Le Maroc fait partie des sept pays avec lesquels l’Union européenne voudrait développer des relations plus élaborées dans le cadre de sa politique européenne de voisinage (PEV).

A cet effet, un plan d’action a été conclu avec l’UE par lequel le Royaume s’engage à adapter sa législation aux standards européens, ainsi qu’à contribuer à la lutte contre le terrorisme et la prolifération des armes de destruction massive.

Ce plan prévoit aussi que le Maroc puisse participer à des politiques communautaires dans des domaines tels que l’environnement, l’éducation, l’énergie ou les transports. Il peut aussi bénéficier d’un accès plus aisé aux 450 millions de consommateurs du marché intérieur de l’Union. Gianfranco Bocchichio, Desk Officer pour le Maroc au sein de la Commission européenne, analyse la portée de cette initiative en direction de son voisin du sud.

- L’Economiste: Qu’apporte de plus la Politique européenne de voisinage (PEV) par rapport à la politique de coopération menée jusqu’ici avec le Maroc?
- Gianfranco Bocchichio: La valeur ajoutée se situe à trois niveaux. Il y a d’abord une perspective politique visant à développer des relations bilatérales politiques complètes avec le Maroc à qui nous voulons offrir un ancrage européen. L’UE soutiendra le processus de réformes en cours que le Maroc a de lui-même décidées. Ensuite une perspective financière sur laquelle pourra compter le Maroc à partir de 2007, notamment au moment où sera lancé le nouveau budget communautaire. L’Union va également créer un nouvel instrument de voisinage qui devrait octroyer des subventions financières plus importantes. Au moins de son côté, la Commission européenne fera de son mieux pour qu’il en soit ainsi. Avec la PEV, je pense que l’on pourrait aussi aboutir à des systèmes d’octroi de fonds plus souples, plus adaptés à la réalité des pays bénéficiaires. Selon les règles actuelles de Meda, il est très difficile de modifier une action ou un projet si à un moment donné on se rend compte qu’il y a des choses plus importantes ou plus appropriées à faire autre part.
Dans le système actuel, tout se passe en amont et il n’y a donc que très peu d’arbitrage à faire. Nous espérons qu’avec le nouvel instrument de voisinage proposé par la Commission européenne on aura un système plus souple qui permettra des adaptations à la réalité locale. Il y a enfin en troisième lieu la perspective pour le Maroc de s’arrimer au marché intérieur de l’Union. C’est là une grande opportunité qui est offerte au Maroc tout en étant également un grand défi dans la mesure où si par exemple les Marocains veulent exporter en Europe ils se doivent de respecter tout un ensemble de critères et de standards de production. Cela suppose aussi une mise à niveau en amont de l’économie marocaine. Mais tout ceci se fera avec le soutien financier et technique de la Commission européenne pour que le Maroc puisse réussir avec souplesse et sans traumatisme social.
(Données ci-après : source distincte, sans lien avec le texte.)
Lemma infix_cat_cases X A B : infix X (A ++ B) ->
  [\/ infix X A, infix X B |
      exists X1 X2 A1 B2, [/\ X = X1 ++ X2, X1 != [::], X2 != [::],
                              A = A1 ++ X1 & B = X2 ++ B2]].
Proof.
elim: A => [|a A IH]; first by constructor 2.
rewrite cat_cons infix_consl -cat_cons => /orP[].
  case/prefix_cat_cases => [h|[X2 [B2 [-> h1 h2]]]]; first by constructor 1; apply: prefixW.
  by constructor 3; exists (a :: A), X2, [::], B2.
case/IH => [h|h|[X1 [X2 [A1 [B2 [h1 h2 h3 h4 h5]]]]]].
- by constructor 1; rewrite infix_consl h orbT.
- by constructor 2.
- by constructor 3; exists X1, X2, (a :: A1), B2; rewrite h4.
Qed.

Lemma eq_cat_leq_size A B A' B' : A ++ B = A' ++ B' -> size A <= size A' ->
  exists C, A' = A ++ C /\ B = C ++ B'.
Proof.
elim: A A' => [|x A IH] A' /=; first by move=> ->; exists A'.
case: A' => [|x' A'] //= [-> h] hs.
by have [C [-> ->]] := IH A' h hs; exists C.
Qed.

End SeqFacts.

Lemma infix_map (T1 T2 : eqType) (f : T1 -> T2) X Y :
  infix X Y -> infix (map f X) (map f Y).
Proof. by case/infixP=> A [B ->]; rewrite !map_cat; apply: infix_infix. Qed.

Lemma infix_map_inj (T1 T2 : eqType) (f : T1 -> T2) X Y :
  injective f -> infix (map f X) (map f Y) = infix X Y.
Proof.
move=> finj; have pre Z W : prefix (map f Z) (map f W) = prefix Z W.
  by elim: Z W => [|z Z IH] [|w W] //=; rewrite (inj_eq finj) IH.
elim: Y => [|y Y IH]; first by case: X.
by rewrite map_cons !infix_consl -map_cons pre IH.
Qed.

Section Walks.
Variables (V Ar : finType) (s t : Ar -> V) (rels : seq (seq Ar)).
Local Notation letter := (Ar * bool)%type.
Local Notation lsrc := (lsrc s t).
Local Notation ltgt := (ltgt s t).
Local Notation str x L := (is_string s t rels (x, L)).
Local Notation dirs := (map (@dir Ar)).
Local Notation invs := (map (@Defs.inv Ar)).
Implicit Types (l : letter) (L : seq letter) (x : V).

Definition inv_letter l : letter := (l.1, ~~ l.2).
Definition inv_word L := rev (map inv_letter L).

(* [reduced (x, L)] is [sorted nocancel L] by conversion *)
Definition nocancel l1 l2 : bool := ~~ ((l1.1 == l2.1) && (l1.2 != l2.2)).

Fixpoint is_walk x L : bool :=
  if L is l :: L' then (lsrc l == x) && is_walk (ltgt l) L' else true.
Definition walk_end x L : V := last x (map ltgt L).

Lemma lsrc_inv l : lsrc (inv_letter l) = ltgt l.
Proof. by case: l => a []. Qed.
Lemma ltgt_inv l : ltgt (inv_letter l) = lsrc l.
Proof. by case: l => a []. Qed.
Lemma inv_letterK : involutive inv_letter.
Proof. by case=> a b; rewrite /inv_letter negbK. Qed.
Lemma inv_letter_inj : injective inv_letter.
Proof. exact: inv_inj inv_letterK. Qed.
Lemma dir_inj : injective (@dir Ar).
Proof. by move=> x y [->]. Qed.
Lemma inv_wordK : involutive inv_word.
Proof. by move=> L; rewrite /inv_word map_rev revK -map_comp (eq_map inv_letterK) map_id. Qed.

Lemma nocancelE l1 l2 : nocancel l1 l2 = (l2 != inv_letter l1).
Proof.
case: l1 l2 => a1 b1 [a2 b2]; rewrite /nocancel /inv_letter /= xpair_eqE eq_sym.
by case: b1; case: b2.
Qed.

Lemma nocancel_inv l1 l2 : nocancel (inv_letter l2) (inv_letter l1) = nocancel l1 l2.
Proof. by case: l1 l2 => a1 b1 [a2 b2]; rewrite /nocancel /= eq_sym; case: b1; case: b2. Qed.

Lemma sorted_inv_word L : sorted nocancel (inv_word L) = sorted nocancel L.
Proof.
rewrite rev_sorted; case: L => [|l L] //=.
by elim: L l => [|l' L IH] l //=; rewrite IH nocancel_inv.
Qed.

Lemma nocancel_dirs r : sorted nocancel (dirs r).
Proof. by case: r => [|c r] //=; elim: r c => [|c' r IH] c //=; rewrite IH /nocancel /= andbF. Qed.

Lemma valid_walkE x L : valid_walk s t (x, L) = is_walk x L.
Proof.
have walk_path l L' : path (fun l1 l2 => ltgt l1 == lsrc l2) l L' = is_walk (ltgt l) L'.
  by elim: L' l => [|l' L' IH] l //=; rewrite IH eq_sym.
by case: L => [|l L] //; rewrite /valid_walk /= walk_path andbC.
Qed.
- N’est-on pas là en train de revenir à une politique de coopération bilatérale?
- Il y aura toujours une vision euroméditerranéenne dans nos relations avec nos partenaires. Notre objectif final est d’arriver à une zone de libre-échange Euromed en 2010. Cependant, les aspects bilatéraux du point de vue politique, économique et social seront davantage pris en compte dans la nouvelle politique de voisinage. Dans Meda, il y avait toujours le volet régional puis d’éventuelles retombées locales. Avec la PEV ce sera le contraire, ce sont les priorités retenues par le Maroc qui prévaudront.
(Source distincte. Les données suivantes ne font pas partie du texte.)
Definition dotv (u v : 'I_d -> R) : R := \sum_(k < d) u k * v k.

Definition gvec (gam : 'I_d -> R) (i : 'I_d) : 'I_d -> R :=
  fun j => ln (1 + Qhit j i * gam i).

Definition inGamma (gam : 'I_d -> R) : Prop :=
  (forall i, 0 <= gam i) /\
  forall (i : 'I_d) (v : 'I_d -> R),
    (forall k, 0 <= v k) -> (exists k, v k != 0) -> v i = 0 ->
    ((dotv (gvec gam i) v)%:E < \big[Order.max/-oo%E]_(j < d) (dotv (gvec gam j) v)%:E)%E.

Definition hgam (gam : 'I_d -> R) (x : 'I_d -> nat) : R :=
  \sum_(i < d) expR (dotv (gvec gam i) (fun k => (x k)%:R)).

End Jackson.

Definition limsup_infty (R : realType) (d : nat) (g : ('I_d -> nat) -> R) : \bar R :=
  ereal_inf [set ereal_sup [set (g x)%:E | x in [set x | (N <= \sum_(k < d) x k)%N]]
            | N in [set: nat]].

From Stdlib Require Import Relations.
From HB Require Import structures.
From mathcomp Require Import all_boot all_order all_algebra.
From mathcomp Require Import all_classical all_reals all_analysis.
From mathcomp Require Import ring lra.
Set Implicit Arguments. Unset Strict Implicit. Unset Printing Implicit Defensive.
Import Order.TTheory GRing.Theory Num.Theory numFieldNormedType.Exports.
Local Open Scope ring_scope.
Local Open Scope classical_set_scope.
- Où en est-on avec le plan d’action du Maroc?
- Du côté européen, il y a un accord politique des Etats membres sur ce document mais pas encore d’accord juridique. Mais le Conseil compte l’approuver officiellement dans les prochaines semaines. Du côté marocain, il est déjà adopté par le gouvernement. Les deux parties devraient le valider conjointement soit lors d’un prochain conseil d’association, soit par un simple échange de lettres. Le plan d’action est déjà mis en oeuvre par le biais des structures mises en place en 2004 formées par les 7 sous-comités et d’autres groupes de travail. Ceux-ci couvrent tous les domaines de coopération. Maintenant il s’agit de cibler le travail de ces sous-comités sur les dispositions du plan d’action.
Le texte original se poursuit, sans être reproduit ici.